- **Problem to solve**:
Write out the entries below exactly, from the first line to the one with "rewrite /mulAB /= -/(mulAB", both ends included.

(Dataset entries)
====

Lemma mcoef_mulAB A B P s :
  mcoef (mulAB A B P) s =
  mcoef P s *m A + (if nth 0%N s 0 != 0%N then mcoef P (decr_nth s 0) *m B else 0).
Proof.
elim: P => [|t P IH].
  by rewrite /= !mcoef_nil mul0mx add0r; case: ifP; rewrite ?mul0mx.
rewrite /mulAB /= -/(mulAB A B P) !mcoef_cons IH mono_eq_incr_nth !mulmxDl.
case: (mono_eq t.2 s); case: (nth 0%N s 0 != 0%N); case: (mono_eq t.2 (decr_nth s 0));
  rewrite /= ?mul0mx ?add0r ?addr0 ?addrA //.
- by rewrite (addrAC (t.1 *m A)).
- by rewrite (addrC (t.1 *m B)).
Qed.

Lemma mcoef_Psi A B K P s :
  mcoef (Psi A B K P) s =
  mcoef (mulAB A B P) s + \sum_(j <- iota 0 K) mcoef (mulX j.+1 (pderiv j P)) s.
Proof. by rewrite mcoef_cat mcoef_flatten. Qed.

Lemma pderiv_eqmp j P Q : P =m Q -> pderiv j P =m pderiv j Q.
Proof. by move=> PQ s; rewrite !mcoef_pderiv PQ. Qed.

Lemma mulX_eqmp j P Q : P =m Q -> mulX j P =m mulX j Q.
Proof. by move=> PQ s; rewrite !mcoef_mulX PQ. Qed.

Lemma Psi_eqmp A B K P Q : P =m Q -> Psi A B K P =m Psi A B K Q.
Proof.
move=> PQ s; rewrite !mcoef_Psi !mcoef_mulAB !PQ.
by congr (_ + _); apply: eq_bigr => j _; apply/mulX_eqmp/pderiv_eqmp.
Qed.

Lemma Psi_nil A B K : Psi A B K [::] =m [::].
Proof. by move=> s; rewrite mcoef_Psi big1 => [|j _]; rewrite /= mcoef_nil ?addr0. Qed.

Lemma pderiv_cat j (P Q : mp) : pderiv j (P ++ Q) = pderiv j P ++ pderiv j Q.
Proof. by rewrite /pderiv filter_cat map_cat. Qed.

Lemma mulX_cat j (P Q : mp) : mulX j (P ++ Q) = mulX j P ++ mulX j Q.
Proof. exact: map_cat. Qed.

Lemma Psi_cat A B K P Q : Psi A B K (P ++ Q) =m Psi A B K P ++ Psi A B K Q.
Proof.
move=> s; rewrite mcoef_cat !mcoef_Psi addrACA.
congr (_ + _); first by rewrite /mulAB map_cat flatten_cat mcoef_cat.
rewrite -big_split; apply: eq_bigr => j _ /=.
by rewrite pderiv_cat mulX_cat mcoef_cat.
Qed.

Lemma Psi_oppmp A B K P : Psi A B K (oppmp P) =m oppmp (Psi A B K P).
Proof.
move=> s; rewrite mcoef_oppmp !mcoef_Psi opprD; congr (_ + _).
  rewrite !mcoef_mulAB !mcoef_oppmp opprD mulNmx.
  by case: ifP; rewrite ?mcoef_oppmp ?mulNmx ?oppr0.
rewrite -sumrN; apply: eq_bigr => j _; rewrite !mcoef_mulX.
case: ifP; rewrite ?oppr0 // => _.
by rewrite !mcoef_pderiv mcoef_oppmp scalerN.
Qed.

Lemma pderiv_comm j l P : pderiv j (pderiv l P) =m pderiv l (pderiv j P).
Proof.
move=> s; have [->|ne_jl] := eqVneq j l; first by [].
rewrite !mcoef_pderiv !nth_incr_nth (negbTE ne_jl) eq_sym (negbTE ne_jl).
rewrite !scalerA mulrC.
by congr (_ *: _); apply/mcoef_mono_eq/mono_eqP => i; rewrite !nth_incr_nth addnCA.
Qed.

Lemma pderivS_mulAB A B j P : pderiv j.+1 (mulAB A B P) =m mulAB A B (pderiv j.+1 P).
Proof.
move=> s; rewrite mcoef_pderiv !mcoef_mulAB !mcoef_pderiv scalerDr scalemxAl nth_incr_nth.
congr (_ + _); case: ifP => _; last by rewrite scaler0.
rewrite scalemxAl nth_decr_nth; congr (_ *: _ *m _).
by apply/mcoef_mono_eq/mono_eqP => l; rewrite !(nth_decr_nth, nth_incr_nth); case: l.
Qed.

Lemma pderiv_mulX j l P :
  pderiv j (mulX l P) =m mulX l (pderiv j P) ++ (if j == l then P else [::]).
Proof.
move=> s; rewrite mcoef_cat mcoef_pderiv !mcoef_mulX nth_incr_nth.
have [<-|ne_jl] := eqVneq j l; last first.
  rewrite add0n mcoef_nil addr0; case: ifP => _; last by rewrite scaler0.
  rewrite mcoef_pderiv nth_decr_nth (negbTE ne_jl); congr (_ *: _).
  apply/mcoef_mono_eq/mono_eqP => i; rewrite !(nth_decr_nth, nth_incr_nth).
  by case: (eqVneq i l) => [->|]; rewrite ?(negbTE ne_jl).
have decr_incr : mono_eq (decr_nth (incr_nth s j) j) s.
  by rewrite mono_eq_decr_nth ?mono_eq_refl // nth_incr_nth eqxx.
rewrite add1n /= (mcoef_mono_eq _ decr_incr).
case: ifP => [s_j|/negbFE/eqP s_j]; last by rewrite s_j add0r scale1r.
have incr_decr : mono_eq (incr_nth (decr_nth s j) j) s.
  by rewrite mono_eq_incr_nth s_j mono_eq_refl.
rewrite mcoef_pderiv nth_decr_nth eqxx (mcoef_mono_eq _ incr_decr) prednK ?lt0n //.
by rewrite -[X in _ = _ + X]scale1r -scalerDl -natr1.
Qed.

Lemma pderivS_Psi A B K j P :
  pderiv j.+1 (Psi A B K P) =m
  Psi A B K (pderiv j.+1 P) ++ (if (j < K)%N then pderiv j P else [::]).
Proof.
move=> s; rewrite mcoef_cat mcoef_pderiv !mcoef_Psi scalerDr -mcoef_pderiv.
rewrite pderivS_mulAB -addrA scaler_sumr; congr (_ + _).
under eq_bigr => l _ do rewrite -mcoef_pderiv pderiv_mulX mcoef_cat
  (mulX_eqmp _ (pderiv_comm _ _ _)) eqSS.
rewrite big_split /=; congr (_ + _).
rewrite (eq_bigr (fun i => if i == j then mcoef (pderiv j P) s else 0)); last first.
  by move=> i _; rewrite eq_sym; case: eqP => [->|_]; rewrite ?mcoef_nil.
rewrite -big_mkcond -(subn0 K) big_nat1_eq subn0.
by case: (j < K)%N; rewrite ?mcoef_nil.
Qed.

Definition vars_lt L (P : mp) := forall j, (L <= j)%N -> pderiv j P =m [::].

Lemma vars_lt_eqmp L P Q : P =m Q -> vars_lt L P -> vars_lt L Q.
Proof. by move=> PQ PL j Lj s; rewrite -(pderiv_eqmp j PQ s) (PL j Lj s). Qed.

Lemma vars_lt_cat L P Q : vars_lt L P -> vars_lt L Q -> vars_lt L (P ++ Q).
Proof.
by move=> PL QL j Lj s; rewrite pderiv_cat mcoef_cat PL // QL // !mcoef_nil addr0.
Qed.

Lemma vars_lt_pderiv L l P : vars_lt L P -> vars_lt L (pderiv l P).
Proof.
by move=> PL j Lj s; rewrite pderiv_comm mcoef_pderiv PL // !mcoef_nil scaler0.
Qed.

Lemma vars_lt_Psi A B K L P : vars_lt L P -> vars_lt L.+1 (Psi A B K P).
Proof.
move=> PL [//|j] Lj s; rewrite pderivS_Psi mcoef_cat.
rewrite (Psi_eqmp _ _ _ (PL _ (leqW Lj))) Psi_nil mcoef_nil add0r.
by case: ifP; rewrite ?PL ?mcoef_nil.
Qed.

Lemma Psi_vars_lt A B K L P :
  vars_lt L P -> (L <= K)%N -> Psi A B K P =m Psi A B L P.
Proof.
move=> PL LK s; rewrite !mcoef_Psi; congr (_ + _).
rewrite -(subnKC LK) iotaD big_cat /= add0n.
rewrite [X in _ + X]big1_seq ?addr0 // => j; rewrite mem_iota => /andP[_ /andP[Lj _]].
by rewrite mcoef_mulX PL // mcoef_nil; case: ifP.
Qed.
Lemma mean_next_sqdist_ge0 w wstar x y : 0 <= mean_next_sqdist w wstar x y.
Proof.
apply: sumr_ge0 => s _; rewrite mulr_ge0 ?sweight_ge0 //.
by apply: mean_phi_ge0 => p; exact: sqnorm_ge0.
Qed.

Lemma mean_sqnorm_xtilde_le x : norm2 x <= 1 -> (forall j, q j = 0 -> x 0 j = 0) ->
  \sum_(s : {ffun 'I_k -> 'I_d}) sweight q s * sqnorm (xtilde q s x) <=
  k%:R^-1 * \sum_(j < d) q j * iw_coord q x j ^+ 2 + 1.
Proof.
move=> x1 x_supp; rewrite mean_sqnorm_xtilde // lerD2l.
have xx : sqnorm x <= 1 by rewrite -(expr1n _ 2) sqnorm_le.
have k1 : k%:R^-1 <= 1 :> R by rewrite invf_le1 ?ltr0n // ler1n.
have k0 : 0 <= k%:R^-1 :> R by rewrite invr_ge0 ler0n.
by have := sqnorm_ge0 x; nra.
Qed.

(* The projection is nonexpansive, and [phi] and [xtilde] are unbiased and drawn
   independently. *)
Lemma mean_next_sqdist_le w wstar x y :
  norm2 wstar <= B -> (forall j, q j = 0 -> x 0 j = 0) ->
  mean_next_sqdist w wstar x y <=
  sqnorm (w - wstar) - 2 * eta * ((dotv w x - y) * dotv x (w - wstar))
  + eta ^+ 2 * mean_phi w x y (fun p => p ^+ 2) *
    \sum_(s : {ffun 'I_k -> 'I_d}) sweight q s * sqnorm (xtilde q s x).
Proof.
move=> wsB x_supp; set a := w - wstar.
have proj s p : sqnorm (update B eta w p (xtilde q s x) - wstar) <=
    sqnorm a + (- 2 * eta * dotv a (xtilde q s x)) * p
    + (eta ^+ 2 * sqnorm (xtilde q s x)) * p ^+ 2.
  rewrite updateE; apply: le_trans (ball_proj_nonexpansive _ B_gt0 wsB) _.
  rewrite addrAC scalerA sqnormBZ le_eqVlt; apply: predU1l; ring.
apply: le_trans (_ : \sum_(s : {ffun 'I_k -> 'I_d}) sweight q s *
    (sqnorm a + (- 2 * eta * dotv a (xtilde q s x)) * (dotv w x - y)
     + (eta ^+ 2 * sqnorm (xtilde q s x)) * mean_phi w x y (fun p => p ^+ 2)) <= _).
  apply: ler_sum => s _; rewrite ler_wpM2l ?sweight_ge0 //.
  by rewrite -mean_phi_id -mean_phi_quad; apply: ler_mean_phi => p; exact: proj.
set E2 := mean_phi w x y _.
have -> : \sum_(s : {ffun 'I_k -> 'I_d}) sweight q s *
    (sqnorm a + (- 2 * eta * dotv a (xtilde q s x)) * (dotv w x - y)
     + (eta ^+ 2 * sqnorm (xtilde q s x)) * E2) =
    sqnorm a * \sum_(s : {ffun 'I_k -> 'I_d}) sweight q s
    - 2 * eta * (dotv w x - y) *
      \sum_(s : {ffun 'I_k -> 'I_d}) sweight q s * dotv (xtilde q s x) a
    + eta ^+ 2 * E2 *
      \sum_(s : {ffun 'I_k -> 'I_d}) sweight q s * sqnorm (xtilde q s x).
  rewrite !mulr_sumr -sumrN -!big_split /=.
  by apply: eq_bigr => s _; rewrite (dotvC a); ring.
rewrite sweight_sum // mean_dotv_xtilde // le_eqVlt; apply: predU1l; ring.
Qed.

Lemma sgd_step_bound w wstar x y :
  norm2 w <= B -> norm2 wstar <= B -> norm2 x <= 1 -> `|y| <= B ->
  (forall j, q j = 0 -> x 0 j = 0) ->
  mean_next_sqdist w wstar x y / (2 * eta) + sqloss w x y <=
  sqnorm (w - wstar) / (2 * eta) + eta / 2 * grad_sqr_bound x + sqloss wstar x y.
Proof.
move=> wB wsB x1 yB x_supp; set g := (dotv w x - y) * dotv x (w - wstar).
have e2 : 0 < 2 * eta by rewrite mulr_gt0.
have grad : mean_phi w x y (fun p => p ^+ 2) *
    \sum_(s : {ffun 'I_k -> 'I_d}) sweight q s * sqnorm (xtilde q s x)
    <= grad_sqr_bound x.
  apply: ler_pM; first by apply: mean_phi_ge0 => p; exact: sqr_ge0.
  - by apply: sumr_ge0 => s _; rewrite mulr_ge0 ?sweight_ge0 ?sqnorm_ge0.
  - exact: mean_phi_sqr_le.
  - exact: mean_sqnorm_xtilde_le.
have next : mean_next_sqdist w wstar x y / (2 * eta) <=
    (sqnorm (w - wstar) - 2 * eta * g + eta ^+ 2 * grad_sqr_bound x) / (2 * eta).
  rewrite ler_wpM2r ?invr_ge0 ?(ltW e2) //.
  apply: le_trans (mean_next_sqdist_le w y wsB x_supp) _.
  by rewrite lerD2l -mulrA ler_wpM2l ?sqr_ge0.
have split : (sqnorm (w - wstar) - 2 * eta * g + eta ^+ 2 * grad_sqr_bound x)
    / (2 * eta) = sqnorm (w - wstar) / (2 * eta) - g + eta / 2 * grad_sqr_bound x.
  by field; rewrite gt_eqF.
by move: next; rewrite split; have := sqloss_sub_le w wstar x y; rewrite -/g; lra.
Qed.

End OneStep.

Section Integration.
Local Open Scope classical_set_scope.
Variables (R : realType) (dT : measure_display) (T : measurableType dT).
Variable P : probability T R.
Import HBNNSimple.

Lemma integral_cst_probability (c : R) : (\int[P]_t c%:E)%E = c%:E.
Proof.
rewrite integral_cst //; apply: (@eq_trans _ _ (c%:E * 1)%E); last by rewrite mule1.
by congr (_ * _)%E; exact: probability_setT.
Qed.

====

- **Output**:
Lemma mcoef_mulAB A B P s :
  mcoef (mulAB A B P) s =
  mcoef P s *m A + (if nth 0%N s 0 != 0%N then mcoef P (decr_nth s 0) *m B else 0).
Proof.
elim: P => [|t P IH].
  by rewrite /= !mcoef_nil mul0mx add0r; case: ifP; rewrite ?mul0mx.
rewrite /mulAB /= -/(mulAB A B P) !mcoef_cons IH mono_eq_incr_nth !mulmxDl.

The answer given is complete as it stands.